An Adair County man pleaded guilty last week to multiple counts of voyeurism and promoting a minor in a sexual performance.

James Orley Absher, 50, admitted to videotaping an underage girl at his LaRue County home in 2011.

According to court records, Absher moved to Elizabethtown from Hodgenville in December 2011.

On Oct. 10, 2012, a juvenile in the home found a camera hidden in a tissue box on the bathroom sink. The camera was turned over to Kentucky State Police.

Computers from the home were seized and officers found images on the camera’s hard drive. According to the citation, there were images of a teenage girl undressing, dressing and showering in two different bathrooms. The teen was 17 when she was taped in LaRue County, according to records.
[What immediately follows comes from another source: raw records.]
Lemma pvecZ c p S : pvec (c * p.1, c * p.2) S = c *: pvec p S.
Proof. by rewrite /pvec scalerDr !scalerA. Qed.

Lemma pvec_comb a c p q S :
  a *: pvec p S + c *: pvec q S = pvec (a * p.1 + c * q.1, a * p.2 + c * q.2) S.
Proof. by rewrite /pvec !scalerDr !scalerA !scalerDl addrACA. Qed.

Lemma pvec_proj m S : o0 \notin S -> pvec (m (o0 |: S), m (o1 |: S)) S = projP (pair S) m.
Proof.
move=> S0; apply/ffunP => X; rewrite projPE pvecE /pair.
have o01S : (o0 |: S == o1 |: S) = false.
  apply/negbTE; apply: contraNneq S0 => /setP/(_ o0).
  by rewrite !inE eqxx (negbTE neq_o01) /= => <-.
case: (eqVneq X (o0 |: S)) => [->|X0]; first by rewrite o01S /= mulr1 mulr0 addr0.
case: (eqVneq X (o1 |: S)) => [->|X1] /=; first by rewrite mulr0 mulr1 add0r.
by rewrite !mulr0 addr0.
Qed.

Lemma shift_x_pvec j p S : j \in S -> shift_x j (pvec p S) = 0.
Proof. by move=> jS; rewrite linearD !linearZ /= !shift_x_mono !setU1r // !scaler0 addr0. Qed.

Lemma shift_y_pvec j p S : (1 < j)%N -> o0 \notin S -> o1 \notin S -> j \in S ->
  shift_y j (pvec p S) = - wsign F [set j] (S :\ j) *: pvec p (S :\ j).
Proof.
move=> j1 S0 S1 jS; rewrite linearD !linearZ /= !shift_y_monoU1 // ?(ltnW j1) //.
by rewrite /pvec scalerDr !scalerA !(mulrC (- _)).
Qed.

Lemma wedge_evec_pvec i p R : (1 < i)%N -> o0 \notin R -> o1 \notin R -> i \notin R ->
  wedge (evec F i) (pvec p R) = - wsign F [set i] R *: pvec p (i |: R).
Proof.
move=> i1 R0 R1 iR; rewrite linearD !linearZ /= !wedge_evec_monoU1 // ?(ltnW i1) //.
by rewrite /pvec scalerDr !scalerA !(mulrC (- _)).
Qed.

Lemma wvecE p X :
  wvec p X = (p.1 * (X == [set o0])%:R + p.2 * (X == [set o1])%:R : F).
Proof. by rewrite !ffunE. Qed.

Lemma wvec_o0 p : wvec p [set o0] = p.1.
Proof. by rewrite wvecE eqxx (inj_eq set1_inj) (negbTE neq_o01) mulr1 mulr0 addr0. Qed.

Lemma wvec_o1 p : wvec p [set o1] = p.2.
Proof. by rewrite wvecE eqxx (inj_eq set1_inj) eq_sym (negbTE neq_o01) mulr1 mulr0 add0r. Qed.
Absher was working as a dispatcher in the Columbia 911 center at the time of his arrest.

“The videos also depicted the defendant’s face placing the camera in the bathroom and later removing the camera,” the arrest warrant read.

Eighteen videos were found on the computers: Six were made in LaRue County; nine in Hardin County after the victim had turned 18; and three were an attempt to video, according to the case file in LaRue Circuit Court.

The case file also includes a handwritten letter Absher allegedly wrote and addressed to the teenager expressing regret.

Absher’s case was set for jury trial Oct. 22.

He opted to plead guilty to six counts of promoting a minor in a sexual performance with a recommended sentence of five years; and six counts of voyeurism with recommended sentence of 12 months.

Final sentencing is set for Jan. 9 in Nelson County because Absher’s attorney was unable to attend an earlier date in LaRue County.

If the case is settled Jan. 9 per the terms of the plea agreement, Absher will be required to complete a sex offender treatment program as a condition of parole and have no contact with the victim. He will be a registered sex offender for life “because he pled to multiple counts,” according to Assistant Commonwealth Attorney Whitney Meredith.

“The max he could have received by law is 20 years,” Meredith said.